#### Material provided:

(* Let $p$ and $q$ be distinct primes. Let $G=Q\rtimes P$ be a finite non-abelian semi-direct product of a Sylow $q$-subgroup $Q$ by a non-normal cyclic Sylow $p$-subgroup $P$. Suppose that $Q$ is special, so either $Q$ is elementary abelian or $Q'=Z(Q)=\Phi(Q)$, and suppose that $P$ acts by conjugation trivially on $Q'$ and irreducibly on $Q/Q'$. Then $G$ is exponent-critical.
   Context: A finite group $G$ is exponent-critical if $\exp(G)$ is not the least common multiple of the exponents of the proper non-abelian subgroups of $G$. A $q$-group $Q$ is special if either $Q$ is elementary abelian or $Q$ has nilpotency class $2$ with $Q'=Z(Q)=\Phi(Q)$ elementary abelian. *)

From mathcomp Require Import all_boot all_fingroup all_solvable.
Set Implicit Arguments. Unset Strict Implicit. Unset Printing Implicit Defensive.
Local Open Scope group_scope.

Definition exponent_critical (gT : finGroupType) (G : {group gT}) : Prop :=
  exponent G <> \big[lcmn/1%N]_(H : {group gT} | (H \proper G) && ~~ abelian H)
                   exponent H.

Definition special_qgroup (q : nat) (gT : finGroupType) (Q : {group gT}) : Prop :=
  q.-abelem Q \/
  [/\ nil_class Q = 2, Q^`(1) = 'Z(Q), 'Z(Q) = 'Phi(Q) & q.-abelem Q^`(1)].

From mathcomp Require Import all_boot all_fingroup all_solvable.
Set Implicit Arguments. Unset Strict Implicit. Unset Printing Implicit Defensive.
Local Open Scope group_scope.

(* A proper non-abelian subgroup H whose exponent is divisible by
   #|P| contains a Sylow p-subgroup of G, hence, up to conjugation, P itself.
   But a non-abelian overgroup H of P is all of G: since P normalises H :&: Q,
   irreducibility forces H :&: Q to lie in Q^`(1) (then H is abelian, as P
   centralises Q^`(1)) or to cover Q modulo Q^`(1) <= 'Phi(Q) (then Q <= H).
   So the lcm of the exponents of proper non-abelian subgroups misses the full
   p-part of exp(G). *)

Lemma pfactor_dvdn_biglcm (I : finType) (P : pred I) (F : I -> nat) p a :
  prime p -> (forall i, P i -> 0 < F i) ->
  p ^ a.+1 %| \big[lcmn/1%N]_(i | P i) F i -> exists2 i, P i & p ^ a.+1 %| F i.
Proof.
move=> p_pr F_gt0 dvd_lcm; apply/exists_inP; apply: contraLR dvd_lcm.
rewrite negb_exists_in => /forall_inP ndvdF.
suff /andP[] : (0 < \big[lcmn/1%N]_(i | P i) F i) &&
               ~~ (p ^ a.+1 %| \big[lcmn/1%N]_(i | P i) F i) by [].
apply: (big_ind (fun m => (0 < m) && ~~ (p ^ a.+1 %| m))).
- by rewrite pfactor_dvdn // logn1.
- move=> m n /andP[m_gt0 ndvd_m] /andP[n_gt0 ndvd_n].
  move: ndvd_m ndvd_n; rewrite lcmn_gt0 m_gt0 n_gt0 !pfactor_dvdn ?lcmn_gt0 ?m_gt0 //.
  by rewrite logn_lcm // leq_max negb_or => -> ->.
- by move=> i Pi; rewrite F_gt0 ?ndvdF.
Qed.

Lemma Sylow_subJ_dvd_card (gT : finGroupType) p (G H P : {group gT}) :
  p.-Sylow(G) P -> H \subset G -> #|P| %| #|H| ->
  exists2 g, g \in G & P :^ g \subset H.
Proof.
move=> sylP sHG dvd_PH; have [S sylS] := Sylow_exists p H.
have [sSH pS _] := and3P sylS.
have [g gG sSPg] := Sylow_subJ sylP (subset_trans sSH sHG) pS.
exists g => //; suff <- : S :=: P :^ g by [].
apply/eqP; rewrite eqEcard sSPg cardJg (card_Hall sylS) dvdn_leq //.
by rewrite -(part_pnat_id (pHall_pgroup sylP)) partn_dvd.
Qed.

Section NonabelianOvergroups.

Variables (gT : finGroupType) (G Q P : {group gT}).
Hypotheses (defG : Q ><| P = G) (abP : abelian P).
Hypotheses (abQ' : abelian Q^`(1)) (sQ'Phi : Q^`(1) \subset 'Phi(Q)).
Hypotheses (cQ'P : P \subset 'C(Q^`(1))) (irrP : acts_irreducibly P (Q / Q^`(1)) 'Q).

Lemma overgroup_abelian (H : {group gT}) :
  P \subset H -> H \subset G -> H :&: Q \subset Q^`(1) -> abelian H.
Proof.
move=> sPH sHG sHQ_Q'; have [_ _ mulQP _ _] := sdprod_context defG.
have <- : (H :&: Q) * P = H by rewrite group_modr // mulQP; apply/setIidPl.
rewrite abelianM (abelianS sHQ_Q' abQ') abP /=.
by rewrite centsC (subset_trans sHQ_Q') // centsC.
Qed.

Lemma kernel_sub_overgroup (H : {group gT}) :
  P \subset H -> ~~ (H :&: Q \subset Q^`(1)) -> Q \subset H.
Proof.
move=> sPH nsHQ_Q'; have [_ _ _ nQP _] := sdprod_context defG.
have nQ'Q : Q \subset 'N(Q^`(1)) by exact: normal_norm (der_normal 1 Q).
have nQ'HQ : H :&: Q \subset 'N(Q^`(1)) by rewrite subIset // nQ'Q orbT.
have nHQP : P \subset 'N(H :&: Q) by rewrite normsI // (subset_trans sPH (normG H)).
have nQ'P : P \subset 'N(Q^`(1)) by rewrite (subset_trans cQ'P) ?cent_sub.
have [_ minQ] := mingroupP irrP.
have HQ_Q : (H :&: Q)%G / Q^`(1) = Q / Q^`(1).
  apply: minQ; last by rewrite quotientS ?subsetIr.
  by rewrite actsQ ?andbT // -subG1 quotient_sub1.
have genQ : 'Phi(Q) <*> (H :&: Q) = Q.
  apply/eqP; rewrite eqEsubset join_subG Phi_sub subsetIr /=.
  rewrite -genM_join sub_gen //; apply: subset_trans (mulSg _ sQ'Phi).
  by rewrite -quotientSK // -HQ_Q.
by have := Phi_nongen genQ; rewrite genGid => <-; exact: subsetIl.
Qed.

Lemma nonabelian_overgroup_eq (H : {group gT}) :
  P \subset H -> H \subset G -> ~~ abelian H -> H :=: G.
Proof.
move=> sPH sHG nabH; have [_ _ mulQP _ _] := sdprod_context defG.
have sQH : Q \subset H.
  apply: kernel_sub_overgroup => //; apply: contra nabH.
  exact: overgroup_abelian.
by apply/eqP; rewrite eqEsubset sHG -mulQP mul_subG.
Qed.

End NonabelianOvergroups.

Lemma special_qgroup_abelian_der1 q (gT : finGroupType) (Q : {group gT}) :
  special_qgroup q Q -> abelian Q^`(1).
Proof.
case=> [/abelem_abelian abQ | [_ _ _ /abelem_abelian //]].
exact: abelianS (der_sub 1 Q) abQ.
Qed.

Theorem mainTheorem10 (gT : finGroupType) (p q : nat) (G Q P : {group gT}) :
  prime p -> prime q -> p != q ->
  Q \in 'Syl_q(G) -> P \in 'Syl_p(G) ->
  Q ><| P = G ->
  cyclic P -> ~~ (P <| G) -> ~~ abelian G ->
  special_qgroup q Q ->
  P \subset 'C(Q^`(1)) ->
  acts_irreducibly P (Q / Q^`(1)) 'Q ->
  exponent_critical G.
Proof.
rewrite !inE => p_pr _ _ sylQ sylP defG cycP not_nPG _ specQ cQ'P irrP.
have [_ sPG _ _ _] := sdprod_context defG.
have [a cardP] : exists a, #|P| = (p ^ a.+1)%N.
  case: (logn p #|P|) (card_pgroup (pHall_pgroup sylP)) => [P1 | a]; last by exists a.
  have /eqP P1' : P :==: 1 by rewrite trivg_card1 P1.
  by rewrite P1' normal1 in not_nPG.
have dvd_P_expG : #|P| %| exponent G by rewrite -(exponent_cyclic cycP) exponentS.
move=> expG; rewrite expG cardP in dvd_P_expG.
have [H /andP[ltHG nabH] dvd_P_expH] :=
  pfactor_dvdn_biglcm p_pr (fun H _ => exponent_gt0 H) dvd_P_expG.
have sHG := proper_sub ltHG.
have [g gG sPgH] : exists2 g, g \in G & P :^ g \subset H.
  by apply: Sylow_subJ_dvd_card sylP sHG _; rewrite cardP (dvdn_trans dvd_P_expH) ?exponent_dvdn.
have sQ'Phi : Q^`(1) \subset 'Phi(Q) by rewrite (Phi_joing (pHall_pgroup sylQ)) joing_subl.
have sPHg : P \subset H :^ g^-1 by rewrite -sub_conjg.
have sHgG : H :^ g^-1 \subset G by rewrite sub_conjgV conjGid.
have nabHg : ~~ abelian (H :^ g^-1) by rewrite abelianJ.
have := nonabelian_overgroup_eq defG (cyclic_abelian cycP)
  (special_qgroup_abelian_der1 specQ) sQ'Phi cQ'P irrP sPHg sHgG nabHg.
move/(canRL (conjsgKV g)); rewrite conjGid // => eqHG.
by rewrite eqHG properxx in ltHG.
Qed.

#### Your objective:
With the line holding "- by rewrite pfactor_dvdn // logn1." as the first and the line holding "rewrite abelianM (abelianS" as the last, set down that range of the entries above exactly, and nothing else.

#### Answer to this task:
- by rewrite pfactor_dvdn // logn1.
- move=> m n /andP[m_gt0 ndvd_m] /andP[n_gt0 ndvd_n].
  move: ndvd_m ndvd_n; rewrite lcmn_gt0 m_gt0 n_gt0 !pfactor_dvdn ?lcmn_gt0 ?m_gt0 //.
  by rewrite logn_lcm // leq_max negb_or => -> ->.
- by move=> i Pi; rewrite F_gt0 ?ndvdF.
Qed.

Lemma Sylow_subJ_dvd_card (gT : finGroupType) p (G H P : {group gT}) :
  p.-Sylow(G) P -> H \subset G -> #|P| %| #|H| ->
  exists2 g, g \in G & P :^ g \subset H.
Proof.
move=> sylP sHG dvd_PH; have [S sylS] := Sylow_exists p H.
have [sSH pS _] := and3P sylS.
have [g gG sSPg] := Sylow_subJ sylP (subset_trans sSH sHG) pS.
exists g => //; suff <- : S :=: P :^ g by [].
apply/eqP; rewrite eqEcard sSPg cardJg (card_Hall sylS) dvdn_leq //.
by rewrite -(part_pnat_id (pHall_pgroup sylP)) partn_dvd.
Qed.

Section NonabelianOvergroups.

Variables (gT : finGroupType) (G Q P : {group gT}).
Hypotheses (defG : Q ><| P = G) (abP : abelian P).
Hypotheses (abQ' : abelian Q^`(1)) (sQ'Phi : Q^`(1) \subset 'Phi(Q)).
Hypotheses (cQ'P : P \subset 'C(Q^`(1))) (irrP : acts_irreducibly P (Q / Q^`(1)) 'Q).

Lemma overgroup_abelian (H : {group gT}) :
  P \subset H -> H \subset G -> H :&: Q \subset Q^`(1) -> abelian H.
Proof.
move=> sPH sHG sHQ_Q'; have [_ _ mulQP _ _] := sdprod_context defG.
have <- : (H :&: Q) * P = H by rewrite group_modr // mulQP; apply/setIidPl.
rewrite abelianM (abelianS sHQ_Q' abQ') abP /=.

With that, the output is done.